(LISTED ENTRIES)
Lemma cheb_pos_inf t : 0 < a -> 0 < b -> 4 <= a * b -> (0 < t)%N ->
  0 < cheb 1 0 t /\ 0 <= cheb 0 1 t.
Proof.
move=> a_pos b_pos ab4; case: t => // t _.
set sa := sqrt a; set sb := sqrt b.
have sa_pos : 0 < sa by apply: sqrt_lt_R0.
have sb_pos : 0 < sb by apply: sqrt_lt_R0.
have a_sq : a = sa * sa by rewrite /sa sqrt_sqrt; lra.
have b_sq : b = sb * sb by rewrite /sb sqrt_sqrt; lra.
have C2 : 2 <= sa * sb.
  rewrite /sa /sb -sqrt_mult -1?[2](sqrt_square 2); try lra.
  by apply: sqrt_le_1; lra.
pose w u := if odd u then sb else sa.
have w_pos u : 0 < w u by rewrite /w; case: (odd u).
have rec x y u : cheb x y u.+2 / w u.+2 = sa * sb * (cheb x y u.+1 / w u.+1) - cheb x y u / w u.
  by rewrite chebSS /w /= negbK; case: (odd u) => /=; [rewrite b_sq | rewrite a_sq]; field; lra.
have isa := Rinv_0_lt_compat _ sa_pos; have isb := Rinv_0_lt_compat _ sb_pos.
have H10 : 1 / sb <= cheb 1 0 t.+1 / w t.+1.
  by apply: (chebyshev_rec_ge (e := fun u => cheb 1 0 u / w u) C2 _ _ (rec 1 0)); rewrite /w /= /Rdiv; lra.
have H01 : 0 / sb <= cheb 0 1 t.+1 / w t.+1.
  by apply: (chebyshev_rec_ge (e := fun u => cheb 0 1 u / w u) C2 _ _ (rec 0 1)); rewrite /w /= /Rdiv; lra.
have wK c : c = c / w t.+1 * w t.+1 by field; have := w_pos t.+1; lra.
rewrite (wK (cheb 1 0 _)) (wK (cheb 0 1 _)); have := w_pos t.+1; move: H10 H01.
by rewrite /Rdiv Rmult_0_l Rmult_1_l; split; nra.
Qed.

End Chebyshev.

Section CoxeterWords.
Variables (n : nat) (m : 'I_n -> 'I_n -> option nat).

Lemma cox_eq_ctx a b u v : cox_eq m u v -> cox_eq m (a ++ u ++ b) (a ++ v ++ b).
Proof.
elim=> {u v} [w|w1 w2 _ IH|w1 w2 w3 _ IH1 _ IH2|u v i|u v i j k ij mij].
- exact: cox_refl.
- exact: cox_sym.
- exact: cox_trans IH1 IH2.
- by have := cox_sq m (a ++ u) (v ++ b) i; rewrite -!catA.
- by have := cox_braid (a ++ u) (v ++ b) ij mij; rewrite -!catA.
Qed.

Lemma cox_eq_catl a u v : cox_eq m u v -> cox_eq m (a ++ u) (a ++ v).
Proof. by move/(cox_eq_ctx a [::]); rewrite !cats0. Qed.

Lemma cox_eq_catr b u v : cox_eq m u v -> cox_eq m (u ++ b) (v ++ b).
Proof. exact: cox_eq_ctx [::] b u v. Qed.

Lemma cox_eq_cons i u v : cox_eq m u v -> cox_eq m (i :: u) (i :: v).
Proof. exact: cox_eq_catl [:: i] u v. Qed.

Lemma cox_eq_rcons i u v : cox_eq m u v -> cox_eq m (rcons u i) (rcons v i).
Proof. by rewrite -!cats1; apply: cox_eq_catr. Qed.

Lemma cox_eq_cat_rev w : cox_eq m (w ++ rev w) [::].
Proof.
elim: w => [|i w IH]; first exact: cox_refl.
have -> : (i :: w) ++ rev (i :: w) = [:: i] ++ (w ++ rev w) ++ [:: i].
  by rewrite rev_cons -cats1 /= catA.
apply: cox_trans (cox_eq_ctx [:: i] [:: i] IH) _.
exact: cox_sq m [::] [::] i.
Qed.

Lemma cox_eq_alt i j k : i != j -> m i j = Some k ->
  cox_eq m (alt_word i j k) (alt_word j i k).
Proof.
move=> ij mij; set v := alt_word j i k.
have := cox_eq_catl (alt_word i j k) (cox_eq_cat_rev (rev v)).
rewrite revK cats0 catA alt_word_double => /cox_sym/cox_trans; apply.
by have := cox_braid [::] v ij mij; rewrite flatten_braid.
Qed.

Lemma cox_eq_rev u v : coxeter_matrix m -> cox_eq m u v -> cox_eq m (rev u) (rev v).
Proof.
move=> mC; elim=> {u v} [w|w1 w2 _ IH|w1 w2 w3 _ IH1 _ IH2|u v i|u v i j k ij mij].
- exact: cox_refl.
- exact: cox_sym.
- exact: cox_trans IH1 IH2.
- by rewrite !rev_cat -catA; apply: cox_sq.
- rewrite !rev_cat flatten_braid rev_alt_word_double -flatten_braid -catA.
  by apply: cox_braid; [rewrite eq_sym | rewrite -(proj1 (mC i j ij))].
Qed.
(End LISTED ENTRIES)
▶ _TASK PROMPT_:
The listing above holds a line with "by apply: (chebyshev_rec_ge (e := fun u => cheb 1" and a line with "have H01 : 0 / sb <= cheb 0 1 t.+1 / w t.+1.". Print the stretch from the first through the second, exactly and alone.

▶ _EXPECTED ANSWER_:
  by apply: (chebyshev_rec_ge (e := fun u => cheb 1 0 u / w u) C2 _ _ (rec 1 0)); rewrite /w /= /Rdiv; lra.
have H01 : 0 / sb <= cheb 0 1 t.+1 / w t.+1.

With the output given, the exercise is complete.